### Task input ###

Lemma priority_best q T : q < n -> T \subset ~: top q ->
  set_of_option (best (priority q) T) = marginal q T.
Proof.
move=> lt_q; apply: rationalization_best => [T' | T' | T' T'' x _]; first exact: subsetIr.
  exact: card_marginal.
exact: marginal_contract.
Qed.

Lemma choice_succ_rejected S q : q < n -> S != set0 ->
  C S q.+1 :&: (S :\: accepted S q) = marginal q (S :\: accepted S q).
Proof.
case: q => [|q] lt_q S0; first by rewrite /marginal /top /= setD0 setU0.
set R := S :\: accepted S q.+1.
have R_top : [disjoint R & top q.+1] by rewrite disjoints_subset rejected_sub_top // ltnW.
have rej : rejected C S q.+1 = rejected C (R :|: top q.+1) q.+1.
  have := accepted_union_top R (ltnW lt_q); rewrite /rejected /= => ->.
  by rewrite setDUl setDv setU0 (setDidPl R_top).
have irr := C_irr S0 (setU_top_neq0 R (ltnW lt_q)) (ltn0Sn q) lt_q rej.
by rewrite -rej in irr; exact: irr.
Qed.

Lemma choice_succ S q : q < n -> S != set0 ->
  C S q.+1 = accepted S q :|: set_of_option (best (priority q) (S :\: accepted S q)).
Proof.
move=> lt_q S0.
rewrite priority_best ?rejected_sub_top ?(ltnW lt_q) // -choice_succ_rejected //.
have [C_S _ _] := C_rule (in_domainS S0 lt_q).
rewrite setIDA (setIidPl C_S) -{1}(setID (C S q.+1) (accepted S q)).
by rewrite (setIidPr (accepted_subS lt_q S0)).
Qed.

Lemma accepted_lex_choice S q : S != set0 -> q <= n ->
  accepted S q = lex_choice (mkseq priority n) S q.
Proof.
move=> S0; elim: q => [|q IH] lt_q; first by rewrite lex_choice0.
have prof_po i : i < size (mkseq priority n) ->
    priority_ordering (nth (priority 0) (mkseq priority n) i).
  by rewrite size_mkseq => lt_i; rewrite nth_mkseq //; apply: priority_po.
rewrite (lex_choiceS _ prof_po) ?size_mkseq // -IH ?(ltnW lt_q) // nth_mkseq //.
exact: choice_succ.
Qed.

Lemma axioms_lexicographic : lexicographic C.
Proof.
have size_prof : size (mkseq priority n) == n by rewrite size_mkseq.
exists (Tuple size_prof); split => [i | S q /and3P[S0 q0 le_q]].
  by rewrite (tnth_nth (priority 0)) nth_mkseq //; apply: priority_po.
by rewrite /= -accepted_lex_choice //; case: q q0 {le_q}.
Qed.

End Characterization.

Theorem theorem1 (A : finType) (hA : 0 < #|A|) (C : choice_fun A) :
  is_choice_rule C ->
  (lexicographic C <->
   [/\ capacity_filling C, gross_substitutes C, monotonicity C &
       irrelevance_accepted C]).
Proof.
move=> C_rule; split; first exact: lexicographic_axioms.
by case=> C_cf C_gs C_mon C_irr; apply: axioms_lexicographic.
Qed.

###

- Work to be completed -
Which lines of the listing contain the string "split"? Copy each of them.

- Task output -
exists (Tuple size_prof); split => [i | S q /and3P[S0 q0 le_q]].
move=> C_rule; split; first exact: lexicographic_axioms.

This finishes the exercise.